::: PROVIDED ENTRIES

(* Through the Cauchy criterion: by [abs_RInt_sub_le], the oscillation of
   [∫_a^b f] is controlled by that of [∫_a^b g], which converges. *)
Lemma ex_RInt_gen_le (f g : R -> R) :
  (forall r, 0 < r -> continuous f r) -> (forall r, 0 < r -> continuous g r) ->
  (forall r, 0 < r -> Rabs (f r) <= g r) ->
  ex_RInt_gen g (at_right 0) (Rbar_locally p_infty) ->
  ex_RInt_gen f (at_right 0) (Rbar_locally p_infty).
Proof.
  intros Hf Hg Hfg [L HL].
  assert (cauchy : exists l, filterlim (fun ab : R * R => RInt f (fst ab) (snd ab))
             (filter_prod (at_right 0) (Rbar_locally p_infty)) (locally l)).
  { apply (filterlim_locally_cauchy (U := R_CompleteSpace)); intros eps.
    assert (Heps4 : 0 < eps / 4) by (destruct eps; simpl; lra).
    destruct (filter_and _ _ eventually_0_lt_le (HL _ (locally_ball L (mkposreal _ Heps4))))
      as [Qa Qb HQa HQb HQ].
    exists (fun ab => Qa (fst ab) /\ Qb (snd ab)); split.
    { now apply (Filter_prod _ _ _ Qa Qb). }
    assert (Hpos : forall a b, Qa a -> Qb b -> 0 < a /\ 0 < b).
    { intros a b Ha Hb; destruct (HQ a b Ha Hb) as [Hab _]; simpl in Hab; lra. }
    assert (near_L : forall a b, Qa a -> Qb b -> Rabs (RInt g a b - L) < eps / 4).
    { intros a b Ha Hb; destruct (HQ a b Ha Hb) as [_ [y [Hy HyL]]]; simpl in Hy.
      rewrite (is_RInt_unique _ _ _ _ Hy); exact HyL. }
    assert (close : forall a b a' b', Qa a -> Qb b -> Qa a' -> Qb b' ->
      Rabs (RInt g a' b' - RInt g a b) < eps / 2).
    { intros a b a' b' Ha Hb Ha' Hb'.
      pose proof (near_L a b Ha Hb) as near1; pose proof (near_L a' b' Ha' Hb') as near2.
      apply Rabs_def2 in near1; apply Rabs_def2 in near2; apply Rabs_def1; lra. }
    intros [a b] [a' b'] [Ha Hb] [Ha' Hb']; simpl in *.
    destruct (Hpos a b Ha Hb) as [Ha0 Hb0], (Hpos a' b' Ha' Hb') as [Ha'0 Hb'0].
    change (Rabs (RInt f a' b' - RInt f a b) < eps).
    eapply Rle_lt_trans; [exact (abs_RInt_sub_le f g a b a' b' Hf Hg Hfg Ha0 Hb0 Ha'0 Hb'0)|].
    pose proof (close a b a' b Ha Hb Ha' Hb); pose proof (close a b a b' Ha Hb Ha Hb'); lra. }
  destruct cauchy as [l Hl]; exists l.
  apply (is_RInt_gen_of_lim f _ _ (fun ab => RInt f (fst ab) (snd ab)));
    [apply _ | apply _ | | exact Hl].
  apply (filter_imp (fun ab : R * R => 0 < fst ab <= snd ab)); [|exact eventually_0_lt_le].
  intros ab Hab; apply (RInt_correct (V := R_CompleteNormedModule)), ex_RInt_continuous_pos;
    auto; lra.
Qed.

Lemma is_derive_exp_sqrt (r : R) : 0 < r ->
  is_derive (fun r => -2 * exp (- sqrt r)) r (exp (- sqrt r) / sqrt r).
Proof.
  intros Hr; assert (0 < sqrt r) by now apply sqrt_lt_R0.
  auto_derive; [exact Hr | field; lra].
Qed.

::::::

Could you restate word for word the lines above from the one containing "Hb) as [Hab" through the one containing "rewrite (is_RInt_unique _", both included, and nothing else?

● RESULT FOR THIS EXERCISE
    { intros a b Ha Hb; destruct (HQ a b Ha Hb) as [Hab _]; simpl in Hab; lra. }
    assert (near_L : forall a b, Qa a -> Qb b -> Rabs (RInt g a b - L) < eps / 4).
    { intros a b Ha Hb; destruct (HQ a b Ha Hb) as [_ [y [Hy HyL]]]; simpl in Hy.
      rewrite (is_RInt_unique _ _ _ _ Hy); exact HyL. }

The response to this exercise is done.